When we were sent off to meet the powerful heroine Hannah (or 'Hammer') instead of the slim, big-breasted femme-fatal we were expecting we were introduced to a tardy red-headed lass with a West-country accent, and she was more interested in keeping the order of her pacifist monk cult than eating pies or some other stereotype, which shows that Lionhead at least has grown as a narrative studio. We still farted on her, though.
You don't even notice your canine companion (when he's actually working how he should) there at all. Chasing your pooch companion to a treasure chest he's just barked to your attention feels totally natural, and teaching him tricks - including the ability to take a leak on command - adds a whole new layer on the social side. Again, he's not the tear-inducing virtual love object it was hyped to be, but another notable and significant layer on the pie.
The combat system is one of Fable II's highlights. The decision to dedicate melee attacks entirely to the X button, thanks to clever combination and timed attacks, makes for a simple but satisfying experience.
For the first few hours you're stuck with basic button-mashing attacks until you amass enough XP to upgrade, which probably isn't the best idea for introducing people to what's actually one of our favourite adventure game combat mechanics in a while.
Eventually, after investing XP into your sword swiping, you'll unlock satisfying flurries (executed by holding X and pressing the direction you want to lunge), useful counter-moves (performed by pressing X as an opponent attacks) and devastating combos (pulled off by chaining together X button presses at just the right time).
Ranged combat meanwhile properly keeps the FPS player happy; you can nail enemies with your cross bow from a third-person, GTA-style lock-on view, or zoom in with an over-the-shoulder aiming reticule for more precise shots. Through upgrades you can improve your accuracy, speed or even aim for specific parts of a target's body using the right stick.
Add all that together and you've truthfully got a combat system that's easy to use, but tricky to master. Our Nans could quite easily mash at the pad, but they're not pulling off the sword-swipe combos we've got going on with our timed button presses.
Once again, Fable II is all about choice. If you don't want to bother with Albion's troubles you can ignore the main quest and - like we did - setup shop as a humble blacksmith, build enough cash to buy a big house and then rent it out to the poor for a stream of profit every five minutes - even when you're not playing.
Fable II offers an even more unique side quest experience at the end of the game when you can finally afford to buy the big castle at the top of the hill, marry a barmaid, have kids and create your very own Bowerstone credit crisis.

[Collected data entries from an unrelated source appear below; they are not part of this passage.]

(* Consider the utility-minus-cost problem $$\max_{\boldsymbol{r},\boldsymbol{\phi}}\ \sum_{i\in\mathcal{V}}\sum_{a\in\mathcal{A}}U_{ia}(r_i(a))-\sum_{(i,j)\in\mathcal{E}}D_{ij}(F_{ij})-\sum_{i\in\mathcal{V}}C_i(G_i)\quad\text{s.t. } 0\le r_i(a)\le\bar r_i(a),\ \boldsymbol{r}\in\mathcal{D}_{\boldsymbol{r}},\ \boldsymbol{\phi}\in\mathcal{D}_{\boldsymbol{\phi}}(\boldsymbol{r}),$$ reparametrized by admission fractions $\phi_{i^Vi}(a),\phi_{i^Vd_a}(a)\ge0$ with $\phi_{i^Vi}(a)+\phi_{i^Vd_a}(a)=1$ and $r_i(a)=\phi_{i^Vi}(a)\,\bar r_i(a)$. Let $(\boldsymbol{r},\boldsymbol{\phi})$ with admission fractions be feasible. If $\boldsymbol{\phi}$ satisfies condition (SC) (for input $\boldsymbol{r}$), and for all $i\in\mathcal{V}$ and $a\in\mathcal{A}$, $$\frac{\partial T}{\partial t_i(a,0)}\le U'_{ia}(r_i(a))\ \text{ if }\phi_{i^Vi}(a)>0,\qquad \frac{\partial T}{\partial t_i(a,0)}\ge U'_{ia}(r_i(a))\ \text{ if }\phi_{i^Vd_a}(a)>0,$$ then $(\boldsymbol{r},\boldsymbol{\phi})$ is a global optimal solution of the utility-minus-cost problem.
   Context: Service-chain computing network model. $\mathcal{G}=(\mathcal{V},\mathcal{E})$ is a directed, strongly connected graph whose links are bidirectional ($(i,j)\in\mathcal{E}\Rightarrow(j,i)\in\mathcal{E}$). $\mathcal{A}$ is a finite set of applications; application $a$ has a destination $d_a\in\mathcal{V}$ and a chain of $|\mathcal{T}_a|$ tasks performed in order. The set of stages is $\mathcal{S}=\{(a,k): a\in\mathcal{A}, k=0,1,\dots,|\mathcal{T}_a|\}$; stage $(a,k)$ denotes packets that have completed the first $k$ tasks of $a$, and has packet size $L_{(a,k)}>0$. Exogenous input rates are $r_i(a)\ge 0$ (stage $(a,0)$ packets injected at node $i$), $\boldsymbol{r}=[r_i(a)]$. The forwarding strategy $\boldsymbol{\phi}=[\phi_{ij}(a,k)]_{(a,k)\in\mathcal{S},i\in\mathcal{V},j\in\{0\}\cup\mathcal{V}}$ has $\phi_{ij}(a,k)\in[0,1]$; for $j\in\mathcal{V}$ it is the fraction of node $i$'s stage-$(a,k)$ traffic sent to node $j$ (with $\phi_{ij}(a,k)=0$ if $(i,j)\notin\mathcal{E}$), and $\phi_{i0}(a,k)$ is the fraction sent to $i$'s local processor, which converts each stage-$(a,k)$ packet into one stage-$(a,k+1)$ packet; $\phi_{i0}(a,|\mathcal{T}_a|)=0$. Flow conservation: $\sum_{j\in\{0\}\cup\mathcal{V}}\phi_{ij}(a,k)=0$ if $k=|\mathcal{T}_a|$ and $i=d_a$, and $=1$ otherwise. Traffic $t_i(a,k)$ satisfies $t_i(a,0)=\sum_{j\in\mathcal{V}}t_j(a,0)\phi_{ji}(a,0)+r_i(a)$ and, for $k\ge1$, $t_i(a,k)=\sum_{j\in\mathcal{V}}t_j(a,k)\phi_{ji}(a,k)+t_i(a,k-1)\phi_{i0}(a,k-1)$. Link flows $f_{ij}(a,k)=t_i(a,k)\phi_{ij}(a,k)$, processor inputs $g_i(a,k)=t_i(a,k)\phi_{i0}(a,k)$, total link flow $F_{ij}=\sum_{(a,k)\in\mathcal{S}}L_{(a,k)}f_{ij}(a,k)$, computation workload $G_i=\sum_{(a,k)\in\mathcal{S}}w_i(a,k)g_i(a,k)$ with weights $w_i(a,k)>0$. Link costs $D_{ij}(\cdot)$ and computation costs $C_i(\cdot)$ are increasing, continuously differentiable, convex functions (possibly taking value $+\infty$ outside a domain). Total cost $T(\boldsymbol{\phi})=\sum_{(i,j)\in\mathcal{E}}D_{ij}(F_{ij})+\sum_{i\in\mathcal{V}}C_i(G_i)$. The feasible set $\mathcal{D}_{\boldsymbol{\phi}}(\boldsymbol{r})$ consists of $\boldsymbol{\phi}$ satisfying flow conservation with all $D_{ij}(F_{ij})<\infty$ and $C_i(G_i)<\infty$; $\mathcal{D}_{\boldsymbol{r}}=\{\boldsymbol{r}\ge0:\mathcal{D}_{\boldsymbol{\phi}}(\boldsymbol{r})\neq\emptyset\}$. Marginal quantities: $\partial T/\partial t_i(a,k)$ is the marginal total cost of an additional exogenous injection of stage-$(a,k)$ traffic at node $i$ (with $\boldsymbol{\phi}$ fixed); it satisfies $\partial T/\partial t_{d_a}(a,|\mathcal{T}_a|)=0$, for $k=|\mathcal{T}_a|$: $\frac{\partial T}{\partial t_i(a,k)}=\sum_{j\in\mathcal{V}}\phi_{ij}(a,k)\big(L_{(a,k)}D'_{ij}(F_{ij})+\frac{\partial T}{\partial t_j(a,k)}\big)$, and for $k<|\mathcal{T}_a|$: $\frac{\partial T}{\partial t_i(a,k)}=\phi_{i0}(a,k)\big(w_i(a,k)C'_i(G_i)+\frac{\partial T}{\partial t_i(a,k+1)}\big)+\sum_{j\in\mathcal{V}}\phi_{ij}(a,k)\big(L_{(a,k)}D'_{ij}(F_{ij})+\frac{\partial T}{\partial t_j(a,k)}\big)$. Modified marginals: $\delta_{ij}(a,k)=L_{(a,k)}D'_{ij}(F_{ij})+\frac{\partial T}{\partial t_j(a,k)}$ for $j\in\mathcal{V}$ with $(i,j)\in\mathcal{E}$, $\delta_{i0}(a,k)=w_i(a,k)C'_i(G_i)+\frac{\partial T}{\partial t_i(a,k+1)}$ for $k<|\mathcal{T}_a|$, and $\delta_{ij}(a,k)=\infty$ for $(i,j)\notin\mathcal{E}$ and $\delta_{i0}(a,|\mathcal{T}_a|)=\infty$. Condition (SC): for all $i\in\mathcal{V}$, $j\in\{0\}\cup\mathcal{V}$, $(a,k)\in\mathcal{S}$, $\delta_{ij}(a,k)=\min_{j'\in\{0\}\cup\mathcal{V}}\delta_{ij'}(a,k)$ if $\phi_{ij}(a,k)>0$ and $\delta_{ij}(a,k)\ge\min_{j'}\delta_{ij'}(a,k)$ if $\phi_{ij}(a,k)=0$. Congestion control: each pair $(i,a)$ has a user-specified upper limit $\bar r_i(a)\ge0$ on the admitted rate and a utility function $U_{ia}:[0,\bar r_i(a)]\to\mathbb{R}$ that is increasing, concave, continuously differentiable, with $U_{ia}(0)=0$. A virtual gateway node $i^V$ receives rate $\bar r_i(a)$; the fraction $\phi_{i^Vi}(a)$ is admitted to physical node $i$ (so $r_i(a)=\phi_{i^Vi}(a)\bar r_i(a)$), the fraction $\phi_{i^Vd_a}(a)$ is rejected, incurring cost $U_{ia}(\bar r_i(a))-U_{ia}(r_i(a))$. *)

From HB Require Import structures.
From mathcomp Require Import all_boot all_order all_algebra.
From mathcomp Require Import all_classical all_reals all_analysis.
Set Implicit Arguments. Unset Strict Implicit. Unset Printing Implicit Defensive.
Import Order.TTheory GRing.Theory Num.Theory.
Import numFieldNormedType.Exports.
Local Open Scope ring_scope.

This undeniably huge layer of the Fable experience promises to become even more important with the introduction of a day-one co-op patch, which as we're sure you can guess we haven't been able to try out in our version of the game.
It's all come together nicely then. Fable II is definitely for a certain breed of gamer; it's the Ying to Fallout 3 and Oblivion's Yang. If you're the sort of gamer content with making your own fun, breaking into people's houses and doing a chicken impression at the end of the bed, then this is the adventure game for you.